There are a number of existing reporting criteria and guidelines published for use when
reporting EEs, such as the CHEERS [31], assessing the methodological quality of EEs [32],
conducting decision-analytic modelling [33] and stated preference studies [34]. These
existing guidelines, and the ones suggested in this study, all work on the premise that
standardisation of reporting is desirable. The belief that it is good to standardise reporting can
be viewed to be unequivocal. Caution is however necessary. The standardisation of reporting
should not serve to stagnate or halt future empirical research to improve the methods or
applied use of expert opinion or expert elicitation studies.
This study had a number of limitations. It clearly assumed that Delphi studies have an
appropriate role to draw forth qualitative expressions (“expert opinion”) of expert judgement
on how to report an “expert opinion” study. The tautological nature of the assumption is
acknowledged by the authors. However, in the absence of other methods using a Delphi
survey was a practical solution to identify the extent of consensus on how to report a Delphi.
Another potential limitation is that it relied on collating the opinion of experts that had
published studies using quantitative approaches to elicit probability distributions for model-
based economic evaluations. It was not feasible to use the opinions of known experts who
had experience in the use of Delphi methods because they could not be identified due to the
12
Pharmacoeconomics: 24May2016
lack of consistent keywords used in published manuscripts reporting model-based economic
evaluations using the Delphi method and lack of reporting guidelines of such studies.
This study achieved a final sample size of 12 experts. Sample size calculations for a Delphi
survey are not as established, or as well defined, as that for a randomised controlled trial.

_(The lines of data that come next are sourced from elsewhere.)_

Lemma convex_le_scale f a l : convex_fun f -> f 0 <= f a -> 0 <= l <= 1 ->
  f (l * a) <= f a.
Proof.
move=> f_cvx f0a /[dup] l01 /andP[_ l1].
have := f_cvx a 0 l l01; rewrite mulr0 addr0 => /le_trans; apply.
have : (1 - l) * f 0 <= (1 - l) * f a by rewrite ler_wpM2l ?subr_ge0.
lra.
Qed.

Lemma convex_decr_neg_incr_pos {f} : convex_fun f -> (forall t, f 0 <= f t) ->
  decr_neg f /\ incr_pos f.
Proof.
move=> f_cvx f_min; split=> [a b ab b_le0 | a b a_ge0 ab].
- have [a0|a_lt0] := eqVneq a 0.
    by have -> : b = 0 by apply/le_anti; rewrite b_le0 -a0.
  have {}a_lt0 : a < 0 by rewrite lt_neqAle a_lt0 (le_trans ab b_le0).
  rewrite -[b](mulfVK (ltr0_neq0 a_lt0)) convex_le_scale //.
  by rewrite ler_ndivlMr // mul0r ler_ndivrMr // mul1r b_le0 ab.
- have [b0|b_gt0] := eqVneq b 0.
    by have -> : a = 0 by apply/le_anti; rewrite a_ge0 -b0 ab.
  have {}b_gt0 : 0 < b by rewrite lt_neqAle eq_sym b_gt0 (le_trans a_ge0 ab).
  rewrite -[a](mulfVK (lt0r_neq0 b_gt0)) convex_le_scale //.
  by rewrite ler_pdivrMr // mul1r ab divr_ge0 // ltW.
Qed.

End convex_min.

Section append.
Context {R : realType}.
Variable p : R.
Hypothesis p_ge1 : 1 <= p.

Let p_gt0 : 0 < p. Proof. exact: lt_le_trans ltr01 p_ge1. Qed.

Lemma psum_add_block_le {s1 r} s2 : is_partition (size s1) r ->
  psum p s1 r + `|\sum_(y <- s2) y| `^ p <= sp_pow p (s1 ++ s2).
Proof.
move=> r_part; have [->|s2_nnil] := eqVneq s2 [::].
  by rewrite big_nil normr0 powR0 ?gt_eqF // addr0 cats0 psum_le_sp_pow.
rewrite -psum_cat_block ?(is_partition_sumn r_part) //; apply: psum_le_sp_pow.
by rewrite size_cat is_partition_rcons // lt0n size_eq0.
Qed.

Lemma sp_pow_rcons_ge x y : sp_pow p x + `|y| `^ p <= sp_pow p (rcons x y).
Proof.
have [r [r_part -> _]] := sp_pow_max p x.
by have := psum_add_block_le [:: y] r_part; rewrite big_seq1 cats1.
Qed.

Lemma sp_pow_rcons0 x : sp_pow p (rcons x 0) = sp_pow p x.
Proof.
apply/le_anti/andP; split; last first.
  by have := sp_pow_rcons_ge x 0; rewrite normr0 powR0 ?gt_eqF // addr0.
have [r [r_part -> _]] := sp_pow_max p (rcons x 0).
have [r1 [s1 [s2 [r1_part -> ->]]]] := psum_rcons_last_block p r_part.
by rewrite addr0 psum_add_block_le.
Qed.

Lemma sp_pow_rcons_convex x : convex_fun (fun t => sp_pow p (rcons x t)).
Proof.
move=> a b l l01 /=; have /andP[l0 l1] := l01.
have [r [r_part -> _]] := sp_pow_max p (rcons x (l * a + (1 - l) * b)).
have [r1 [s1 [s2 [r1_part -> ->]]]] := psum_rcons_last_block p r_part.
have := psum_add_block_le (rcons s2 a) r1_part.
have := psum_add_block_le (rcons s2 b) r1_part.
rewrite !big_rcons /= -!rcons_cat; set S := \sum_(y <- s2) y => le_b le_a.
have -> : S + (l * a + (1 - l) * b) = l * (S + a) + (1 - l) * (S + b) by ring.
have := powR_norm_convex p_ge1 l (S + a) (S + b) l01.
have := ler_wpM2l l0 le_a.
have := ler_wpM2l (eqbRL (subr_ge0 l 1) l1) le_b.
lra.
Qed.

Lemma sp_pow_rcons_convex_mono x :
  let f := fun t => sp_pow p (rcons x t) in
  [/\ convex_fun f, decr_neg f & incr_pos f].
Proof.
have f_cvx := sp_pow_rcons_convex x.
have [] // := convex_decr_neg_incr_pos f_cvx => t.
by rewrite /= sp_pow_rcons0 (le_trans _ (sp_pow_rcons_ge x t)) // lerDl powR_ge0.
Qed.

Lemma sp_pow_rcons_increment x y : 0 <= last 0 x * y ->
  sp_pow p x + p * `|last 0 x| `^ (p - 1) * `|y| <= sp_pow p (rcons x y).
Proof.
move=> xy; have [xn0|xn_neq0] := eqVneq (last 0 x) 0.
  rewrite xn0 normr0 (le_trans _ (sp_pow_rcons_ge x y)) // lerD2l.
  (* [0 `^ 0 = 1], so the bound is [|y|] rather than [0] when [p = 1]. *)
  have [->|p_neq1] := eqVneq p 1; first by rewrite subrr powRr0 powRr1 // !mul1r.
  by rewrite powR0 ?subr_eq0 // mulr0 mul0r powR_ge0.
case/lastP: x xy xn_neq0 => [|x xn]; first by rewrite eqxx.
rewrite last_rcons => xy xn_neq0.
have [r [r_part sp_x _]] := sp_pow_max p (rcons x xn).
have [r1 [s1 [s2 [r1_part x_eq psum_r]]]] := psum_rcons_last_block p r_part.
rewrite {}psum_r {}x_eq in sp_x *; rewrite sp_x.
set c := \sum_(y <- s2) y in sp_x *.
have superadd : `|c| `^ p + `|xn| `^ p <= `|c + xn| `^ p.
  have := sp_pow_rcons_ge (s1 ++ s2) xn; have := psum_add_block_le s2 r1_part.
  rewrite sp_x; lra.
have := powR_block_increment p_ge1 xn_neq0 (powR_superadd_mul_ge0 p_ge1 xn_neq0 superadd) xy.
have := psum_add_block_le (rcons (rcons s2 xn) y) r1_part.
rewrite !big_rcons /= -!rcons_cat; lra.
Qed.

Lemma sp_pow_rcons_sub_ge x y :
  sp_pow p (rcons x y) - sp_pow p x >= `|y| `^ p /\
  (0 <= last 0 x * y ->
     sp_pow p (rcons x y) - sp_pow p x >= p * `|last 0 x| `^ (p - 1) * `|y|).
Proof.
split; last by move=> /sp_pow_rcons_increment; rewrite lerBrDl.
by rewrite lerBrDl sp_pow_rcons_ge.
Qed.

End append.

Delphi processes in health care have used sample sizes between 4 and 3,000 panel members
[29]. Some guidance, has suggested that the optimum size of a panel is between 7 and 12
members, with seven members being the minimum panel size but some researchers have
recommended panels of 300 to 500 people [11]. The optimal size of a panel is a subject for
empirical research but it has been suggested that the size of a panel should be governed by
the purpose of the investigation [29]. Using authorship of peer-reviewed publications as a
proxy for expertise, this study identified a potential sampling frame of 50 respondents.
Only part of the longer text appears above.